Abstract

Acoustic scene classification (ASC) categorizes an audio file based on the environment in which it has been recorded. This has long been studied in the detection and classification of acoustic scenes and events (DCASE). This presents the solution to Task 1 of the DCASE 2020 challenge submitted by the Chung-Ang University team. Task 1 addressed two challenges that ASC faces in real-world applications. One is that the audio recorded using different recording devices should be classified in general, and the other is that the model used should have low-complexity. We proposed two models to overcome the aforementioned problems.

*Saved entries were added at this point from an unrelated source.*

Lemma trace_mxpow_deriv X L D k : comm_mx X L ->
  \tr (X *m mxpow_deriv L D k.+1) = k.+1%:R * \tr (X *m L ^+ k *m D).
Proof.
elim: k X => [|k IH] X XL; first by rewrite /= mulmx0 add0r expr0 mul1r !mulmxE !mulr1.
have XLk : comm_mx X (L ^+ k.+1) by exact: commrX.
rewrite [mxpow_deriv _ _ _.+1]/= mulmxDr mxtraceD mulmxA IH; last first.
  by rewrite /comm_mx [RHS]mulmxA -XL.
have -> : X *m L *m L ^+ k = X *m L ^+ k.+1 by rewrite -mulmxA exprS mulmxE.
rewrite [X *m (D *m _)]mulmxA [\tr (X *m D *m _)]mxtrace_mulC mulmxA -XLk.
by rewrite -[k.+2]addn1 natrD mulrDl mul1r.
Qed.

Variables L D : 'M[R]_n.
Hypothesis D_le1 : l1norm D <= 1.
Let d := l1norm D.
Let b := l1norm L + 1.

Let b_ge1 : 1 <= b. Proof. by have := l1norm_ge0 L; rewrite /b; lra. Qed.
Let d_ge0 : 0 <= d. Proof. exact: l1norm_ge0. Qed.

Let l1normX_le k : l1norm (L ^+ k) <= n%:R * b ^+ k.
Proof.
apply: le_trans (l1normX _ _) _; rewrite ler_wpM2l // lerXn2r ?nnegrE ?l1norm_ge0 //.
  by have := b_ge1; lra.
by rewrite /b lerDl.
Qed.

Lemma l1norm_powD_sub k : l1norm ((L + D) ^+ k - L ^+ k) <= n%:R * d * (2 * b) ^+ k.
Proof.
have LD_le : l1norm (L + D) <= b by apply: le_trans (l1normD _ _) _; rewrite /b lerD.
apply: (@geometric_recurrence_bound _ (fun k => l1norm ((L + D) ^+ k - L ^+ k)) b b).
- by rewrite lexx andbT; have := b_ge1; lra.
- exact: b_ge1.
- by rewrite mulr_ge0.
- by rewrite /= subrr l1norm0 mulr_ge0.
move=> {}k /=; rewrite [(L + D) ^+ k.+1]exprS [L ^+ k.+1]exprS.
have -> : (L + D) * (L + D) ^+ k - L * L ^+ k =
          (L + D) *m ((L + D) ^+ k - L ^+ k) + D *m L ^+ k.
  by rewrite -!mulmxE mulmxBr mulmxDl mulmxDl opprD !addrA addrNK.
apply: le_trans (l1normD _ _) _; apply: lerD.
  by apply: le_trans (l1normM _ _) _; rewrite ler_wpM2r ?l1norm_ge0.
by apply: le_trans (l1normM _ _) _; rewrite mulrAC mulrC -/d ler_wpM2r.
Qed.

Lemma l1norm_powD_taylor k :
  l1norm ((L + D) ^+ k - L ^+ k - mxpow_deriv L D k) <= n%:R * d ^+ 2 * (4 * b) ^+ k.
Proof.
rewrite (_ : 4 * b = 2 * (2 * b)); last by ring.
apply: (@geometric_recurrence_bound _
  (fun k => l1norm ((L + D) ^+ k - L ^+ k - mxpow_deriv L D k)) b (2 * b)).
- by have := b_ge1; lra.
- by have := b_ge1; lra.
- by rewrite mulr_ge0 ?exprn_ge0.
- by rewrite /= !subrr l1norm0 mulr_ge0 ?exprn_ge0.
move=> {}k /=; rewrite [(L + D) ^+ k.+1]exprS [L ^+ k.+1]exprS.
have -> : (L + D) * (L + D) ^+ k - L * L ^+ k - (L *m mxpow_deriv L D k + D *m L ^+ k) =
          L *m ((L + D) ^+ k - L ^+ k - mxpow_deriv L D k) + D *m ((L + D) ^+ k - L ^+ k).
  by rewrite -!mulmxE !mulmxBr mulmxDl opprD !addrA !(addrAC _ (D *m (L + D) ^+ k)).
apply: le_trans (l1normD _ _) _; apply: lerD.
  by apply: le_trans (l1normM _ _) _; rewrite ler_wpM2r ?l1norm_ge0 // /b lerDl.
apply: le_trans (l1normM _ _) _.
rewrite (_ : n%:R * d ^+ 2 * _ = d * (n%:R * d * (2 * b) ^+ k)); last by ring.
by rewrite ler_wpM2l // l1norm_powD_sub.
Qed.

Lemma exp_psumDB k : exp_psum (L + D) k - exp_psum L k =
  \sum_(l < k) (l`!%:R)^-1 *: ((L + D) ^+ l - L ^+ l).
Proof. by rewrite /exp_psum -sumrB; apply: eq_bigr => l _; rewrite scalerBr. Qed.

Lemma l1norm_expmxDB : l1norm (expmx (L + D) - expmx L) <= n%:R * d * expR (2 * b).
Proof.
have cvgB := mxcvgB (mxcvg_exp_psum (L + D)) (mxcvg_exp_psum L).
apply: (cvgr_to_le (mxcvg_l1norm cvgB)); apply: nearW => N.
rewrite exp_psumDB; apply: le_trans (l1norm_sum _ _) _.
apply: (@le_trans _ _ (\sum_(k < N) n%:R * d * ((k`!%:R)^-1 * (2 * b) ^+ k))).
  apply: ler_sum => k _; rewrite l1normZ ger0_norm ?invr_ge0 // mulrCA.
  by rewrite ler_wpM2l ?invr_ge0 // l1norm_powD_sub.
rewrite -mulr_sumr ler_wpM2l ?mulr_ge0 // sum_exp_coeff_le //.
by have := b_ge1; lra.
Qed.

Variable X : 'M[R]_n.
Hypothesis XL : comm_mx X L.

Lemma trace_exp_psum_deriv N : \tr (X *m exp_psum L N *m D) =
  \sum_(k < N.+1) (k`!%:R)^-1 * \tr (X *m mxpow_deriv L D k).
Proof.
rewrite big_ord_recl /= mulmx0 mxtrace0 mulr0 add0r.
rewrite /exp_psum mulmx_sumr mulmx_suml linear_sum; apply: eq_bigr => k _.
rewrite /bump /= trace_mxpow_deriv // -scalemxAr -scalemxAl mxtraceZ mulrA.
by rewrite add0n add1n factS natrM invfM [_^-1 * _^-1 * _]mulrAC mulVf ?mul1r.
Qed.

Lemma trace_expmx_taylor :
  `|\tr (X *m (expmx (L + D) - expmx L)) - \tr (X *m expmx L *m D)|
    <= l1norm X * (n%:R * d ^+ 2 * expR (4 * b)).
Proof.
have cvg1 : mxcvg (fun N => X *m (exp_psum (L + D) N.+1 - exp_psum L N.+1))
                  (X *m (expmx (L + D) - expmx L)).
  exact: mxcvg_mull (mxcvgS (mxcvgB (mxcvg_exp_psum _) (mxcvg_exp_psum _))).
have cvg2 : mxcvg (fun N => X *m exp_psum L N *m D) (X *m expmx L *m D).
  exact: mxcvg_mulr (mxcvg_mull (mxcvg_exp_psum _)).
apply: (cvgr_to_le (cvg_norm (cvgB (mxcvg_trace cvg1) (mxcvg_trace cvg2)))).
apply: nearW => N; rewrite !fctE.
rewrite trace_exp_psum_deriv exp_psumDB mulmx_sumr linear_sum -sumrB.
under eq_bigr do rewrite -scalemxAr linearZ /= -mulrBr -raddfB -mulmxBr.
apply: le_trans (ler_norm_sum _ _ _) _.
apply: (@le_trans _ _ (\sum_(k < N.+1)
   l1norm X * (n%:R * d ^+ 2) * ((k`!%:R)^-1 * (4 * b) ^+ k))).
  apply: ler_sum => k _; rewrite normrM ger0_norm ?invr_ge0 // mulrCA.
  rewrite ler_wpM2l ?invr_ge0 // (le_trans (ler_abs_trace_mul _ _)) //.
  by rewrite -mulrA ler_wpM2l ?l1norm_ge0 // l1norm_powD_taylor.
rewrite -mulr_sumr -mulrA ler_wpM2l ?l1norm_ge0 // ler_wpM2l ?mulr_ge0 ?exprn_ge0 //.
by rewrite sum_exp_coeff_le //; have := b_ge1; lra.
Qed.

End ExponentialTaylor.

Section RealSymmetricEigenvectors.
Variables (R : rcfType) (n : nat).
Local Notation toC := (real_complex R).
Local Notation Re := (@complex.Re R).
Local Notation Im := (@complex.Im R).

Lemma map_Re_mul_real (z : 'rV[R[i]]_n) (M : 'M[R]_n) :
  map_mx Re (z *m map_mx toC M) = map_mx Re z *m M.
Proof.
apply/rowP => j; rewrite !mxE (raddf_sum (Re : Rcomplex R -> R)).
by apply: eq_bigr => l _; rewrite !mxE; case: (z 0 l) => a b /=; ring.
Qed.

Lemma map_Im_mul_real (z : 'rV[R[i]]_n) (M : 'M[R]_n) :
  map_mx Im (z *m map_mx toC M) = map_mx Im z *m M.
Proof.
apply/rowP => j; rewrite !mxE (raddf_sum (Im : Rcomplex R -> R)).
by apply: eq_bigr => l _; rewrite !mxE; case: (z 0 l) => a b /=; ring.
Qed.

Lemma real_eigenvectors_of_complex (M : 'M[R]_n) (z : 'rV[R[i]]_n) (c : R[i]) :
  Im c = 0 -> z *m map_mx toC M = c *: z ->
  map_mx Re z *m M = Re c *: map_mx Re z /\ map_mx Im z *m M = Re c *: map_mx Im z.
Proof.
case: c => a b /= -> zM; rewrite -map_Re_mul_real -map_Im_mul_real zM.
by split; apply/rowP => j; rewrite !mxE; case: (z 0 j) => u v /=; ring.
Qed.

Lemma map_ReIm_eq0 m (Z : 'M[R[i]]_(m, n)) : map_mx Re Z = 0 -> map_mx Im Z = 0 -> Z = 0.
Proof.
move=> /matrixP Re0 /matrixP Im0; apply/matrixP => i j.
by have := Re0 i j; have := Im0 i j; rewrite !mxE; case: (Z i j) => a b /= -> ->.
Qed.

Lemma eq0_on_sym_eigenvectors (M K : 'M[R]_n) : M^T = M ->
  (forall (x : 'rV[R]_n) (l : R), x *m M = l *: x -> x *m K = 0) -> K = 0.
Proof.
move=> MT Keig; pose Mc := map_mx toC M; pose Kc := map_mx toC K.
have Mc_herm : Mc \is hermsymmx.
  apply: realsym_hermsym; last by apply/mxOverP => i j; rewrite mxE complex_real.
  by apply/is_hermitianmxP; rewrite expr0 scale1r map_mx_id // /Mc map_trmx MT.
have /orthomx_spectralP Mc_spec := hermitian_normalmx Mc_herm.
have dg_real := hermitian_spectral_diag_real Mc_herm.
set P := spectralmx Mc in Mc_spec; set dg := spectral_diag Mc in Mc_spec dg_real.
have P_unit : P \in unitmx := spectral_unit Mc.
have PM : P *m Mc = diag_mx dg *m P by rewrite [in LHS]Mc_spec !mulmxA mulmxV // mul1mx.
suff PK : P *m Kc = 0.
  apply: (@map_mx_inj _ _ (real_complex R)).
  by rewrite map_mx0 -/Kc -(mulKmx P_unit Kc) PK mulmx0.
apply/row_matrixP => k; rewrite row_mul row0.
have zM : row k P *m Mc = dg 0 k *: row k P.
  by rewrite -row_mul PM mul_diag_mx; apply/rowP => j; rewrite !mxE.
have Im_dg : Im (dg 0 k) = 0.
  by have := mxOverP dg_real 0 k; case: (dg 0 k) => u v; rewrite complex_real => /eqP.
have [/Keig ReK /Keig ImK] := real_eigenvectors_of_complex Im_dg zM.
by apply: map_ReIm_eq0; rewrite ?map_Re_mul_real ?map_Im_mul_real.
Qed.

First, a more general classification model was proposed by combining the harmonic-percussive source separation (HPSS) and deltas-deltadeltas features with four different models. Second, using the same feature, depthwise separable convolution was applied to the Convolutional layer to develop a low-complexity model. Moreover, using gradient-weight class activation mapping (Grad-CAM), we investigated what part of the feature our model sees and identifies. Our proposed system ranked 9th and 7th in the competition for these two subtasks, respectively.

Highlights

  • In recent years, acoustic scene classification (ASC) has attracted widespread attention in the Audio and Acoustic Signal Processing (AASP) community [1,2,3,4,5,6]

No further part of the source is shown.